# Anyone from Mississippi?



## JackOfAllCubes (May 5, 2018)

Hey, I only know one or two cubers from my school, but I was wondering if any other cubers are in mississippi as well


----------



## LightFlame_ (May 5, 2018)

Nope. I was born in Alabama, though! Not there anymore.


----------



## WombatWarrior17 (May 5, 2018)

I am! What area in Mississippi do you live in?


----------



## JackOfAllCubes (May 5, 2018)

WombatWarrior17 said:


> I am!
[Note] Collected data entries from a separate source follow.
(* Let $u>0$ and suppose there is an open set $S\ni\theta_i$ with $\sup_{\theta\in S}E_\theta|X_{i,t}|^p<\infty$ for some $p>u$. Then for every $k\in\mathbb N_0$, $$\sup_{\theta\in S}m_\theta^{(k)}(u)=\sup_{\theta\in S}\frac1{\sqrt{2\pi}}\sum_{n=0}^\infty\exp\Big(-\frac{Q_n(\theta)^2}{2u}\Big)|Q_n(\theta)|^k<\infty.$$
   Context: $X_{i,t}$ is an $\mathbb N_0$-valued random variable with distribution depending on $\theta\in\mathbb R^{K_i}$, $C_n(\theta)=P_\theta[X_{i,t}\le n]$, $Q_n(\theta)=\Phi^{-1}(C_n(\theta))$ with $\Phi$ the standard normal CDF; summands with $Q_n(\theta)=\pm\infty$ are interpreted as $0$. *)

From Stdlib Require Fin.
From Stdlib Require Import Reals Lra ClassicalEpsilon.
From Coquelicot Require Import Coquelicot.
Open Scope R_scope.

Definition param (K : nat) := Fin.t K -> R.

(* Open subset of R^K (sup-norm balls; equivalent to Euclidean topology). *)
Definition is_open_param {K : nat} (S : param K -> Prop) : Prop :=
  forall th, S th -> exists eps, 0 < eps /\
    forall th', (forall i, Rabs (th' i - th i) < eps) -> S th'.

Definition Phi (x : R) : R :=
  / sqrt (2 * PI) * RInt_gen (fun t => exp (- t ^ 2 / 2)) (Rbar_locally m_infty) (at_point x).

Definition Phi_inv (c : R) : R :=
  epsilon (inhabits 0) (fun x => Phi x = c).

Definition is_pmf_family {K : nat} (P : param K -> nat -> R) : Prop :=
  forall th, (forall n, 0 <= P th n) /\ is_series (P th) 1.

Definition Ccdf {K : nat} (P : param K -> nat -> R) (th : param K) (n : nat) : R :=
  sum_f_R0 (P th) n.

(* Q_n(theta) = Phi^{-1}(C_n(theta)); meaningful (finite) iff 0 < C_n < 1 *)
Definition Qn {K : nat} (P : param K -> nat -> R) (th : param K) (n : nat) : R :=
  Phi_inv (Ccdf P th n).

(* Summand of m_theta^(k)(u); terms with Q_n = +-oo (C_n in {0,1}) are 0 *)
Definition m_term {K : nat} (P : param K -> nat -> R) (u : R) (k : nat)
    (th : param K) (n : nat) : R :=
  if Rlt_dec 0 (Ccdf P th n) then
    if Rlt_dec (Ccdf P th n) 1 then
      / sqrt (2 * PI) * (exp (- (Qn P th n) ^ 2 / (2 * u)) * Rabs (Qn P th n) ^ k)
    else 0
  else 0.

Definition rpow (x p : R) : R := if Req_EM_T x 0 then 0 else Rpower x p.

Definition moment_term {K : nat} (P : param K -> nat -> R) (p : R)
    (th : param K) (n : nat) : R :=
  rpow (INR n) p * P th n.

(* By Markov's inequality and the uniform moment bound, [1 - C_n(theta) <= M (n+1)^(-p)].
   The Gaussian upper tail satisfies [1 - Phi x >= exp (-(x+1)^2/2) / sqrt (2 PI)] for [x >= 0]
   (and [1 - Phi x >= 1/2] for [x <= 0]), so for every [r] with [r u < 1] the weight
   [exp (-x^2/(2u)) |x|^k] is at most [A (1 - Phi x)^r]. At [x = Q_n(theta)] this bounds the
   [n]-th summand by [A M^r (n+1)^(-p r)]; choosing [1/p < r < 1/u] gives a summable bound that
   does not depend on [theta].
   [Phi] is handled through the primitive [gauss_int] of [exp (-t^2/2)]: by Feynman's trick
   [gauss_int x ^ 2 + 2 * feynman_int x] is constantly [PI / 2] while [feynman_int x] is
   squeezed between [0] and [exp (-x^2/2)], which yields the normalisation of [Phi], its tails,
   and the existence of [Phi_inv] on [(0, 1)]. *)

From Stdlib Require Import Reals Lra Psatz Factorial FunctionalExtensionality ClassicalEpsilon.
From Coquelicot Require Import Coquelicot.
Open Scope R_scope.

Definition gauss (t : R) : R := exp (- t ^ 2 / 2).

Definition gauss_int (x : R) : R := RInt gauss 0 x.

Definition feynman_kernel (x s : R) : R := exp (- x ^ 2 * (1 + s ^ 2) / 2) / (1 + s ^ 2).

Definition feynman_int (x : R) : R := RInt (feynman_kernel x) 0 1.

Lemma one_plus_sqr_pos (s : R) : 0 < 1 + s ^ 2.
Proof. nra. Qed.

Lemma exp_le_compat (x y : R) : x <= y -> exp x <= exp y.
Proof. intros [Hlt|Heq]; [apply Rlt_le, exp_increasing, Hlt|rewrite Heq; apply Rle_refl]. Qed.

Lemma RInt_const_mul (c a b : R) : RInt (fun _ => c) a b = (b - a) * c.
Proof. apply (RInt_const (V := R_CompleteNormedModule)). Qed.

Lemma gauss_pos (x : R) : 0 < gauss x.
Proof. apply exp_pos. Qed.

Lemma continuous_gauss (x : R) : continuous gauss x.
Proof. apply (ex_derive_continuous (V := R_NormedModule)). unfold gauss. auto_derive. auto. Qed.

Lemma ex_RInt_gauss (a b : R) : ex_RInt gauss a b.
Proof.
  apply (ex_RInt_continuous (V := R_CompleteNormedModule)). intros t _. apply continuous_gauss.
Qed.

Lemma is_derive_gauss_int (x : R) : is_derive gauss_int x (gauss x).
Proof.
  apply (is_derive_RInt gauss gauss_int 0 x).
  - apply filter_forall. intros y.
    apply (RInt_correct (V := R_CompleteNormedModule)), ex_RInt_gauss.
  - apply continuous_gauss.
Qed.

Lemma is_derive_feynman_kernel (x s : R) :
  is_derive (fun y => feynman_kernel y s) x (- gauss x * (x * gauss (x * s))).
Proof.
  pose proof (one_plus_sqr_pos s).
  unfold feynman_kernel, gauss. auto_derive; [lra|].
  replace (- exp (- x ^ 2 / 2) * (x * exp (- (x * s) ^ 2 / 2)))
    with (- x * exp (- x ^ 2 / 2 + - (x * s) ^ 2 / 2)) by (rewrite exp_plus; ring).
  replace (- x ^ 2 / 2 + - (x * s) ^ 2 / 2) with (- (x * (x * 1)) * (1 + s * (s * 1)) * / 2)
    by (simpl; field).
  simpl. field. lra.
Qed.

Lemma continuity_2d_Derive_feynman_kernel (x s : R) :
  continuity_2d_pt (fun y t => Derive (fun z => feynman_kernel z t) y) x s.
Proof.
  apply continuity_2d_pt_ext with (fun y t => - gauss y * (y * gauss (y * t))).
  { intros y t. symmetry. apply is_derive_unique, is_derive_feynman_kernel. }
  assert (Hg : forall z, continuity_pt gauss z).
  { intros z. apply continuity_pt_filterlim, continuous_gauss. }
  apply continuity_2d_pt_mult; [apply continuity_2d_pt_opp|apply continuity_2d_pt_mult].
  - apply continuity_1d_2d_pt_comp; [apply Hg|apply continuity_2d_pt_id1].
  - apply continuity_2d_pt_id1.
  - apply continuity_1d_2d_pt_comp; [apply Hg|].
    apply continuity_2d_pt_mult; [apply continuity_2d_pt_id1|apply continuity_2d_pt_id2].
Qed.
What area in Mississippi do you live in?


I live in Desoto County, what about you?


----------



## WombatWarrior17 (May 5, 2018)

JackOfAllCubes said:


> I live in Desoto County, what about you?


Just opposite of there, I live in the southwest.


----------



## JackOfAllCubes (May 5, 2018)

WombatWarrior17 said:


> Just opposite of there, I live in the southwest.


Oh wow, that sucks, but thats cool to meet another mississippian.


----------



## WombatWarrior17 (May 5, 2018)

JackOfAllCubes said:


> Oh wow, that sucks, but thats cool to meet another mississippian.


Yeah, it's really hard to find other cubers here, there are only 13 registered cubers in Mississippi.


----------



## JackOfAllCubes (May 5, 2018)

WombatWarrior17 said:


> Yeah, it's really hard to find other cubers here, there are only 13 registered cubers in Mississippi.


Yea, I only know two cubers at my school, one who is an actual cuber, and one who I taught to solve a rubiks cube


----------



## Mikel (May 6, 2018)

I went to Mississippi once.


----------



## LightFlame_ (May 7, 2018)

mississippi was a state once


----------



## BN_2112 (Jan 15, 2020)

JackOfAllCubes said:


> I live in Desoto County, what about you?


Hey. Tate County cuber here. Nice to know that there's others close by.


----------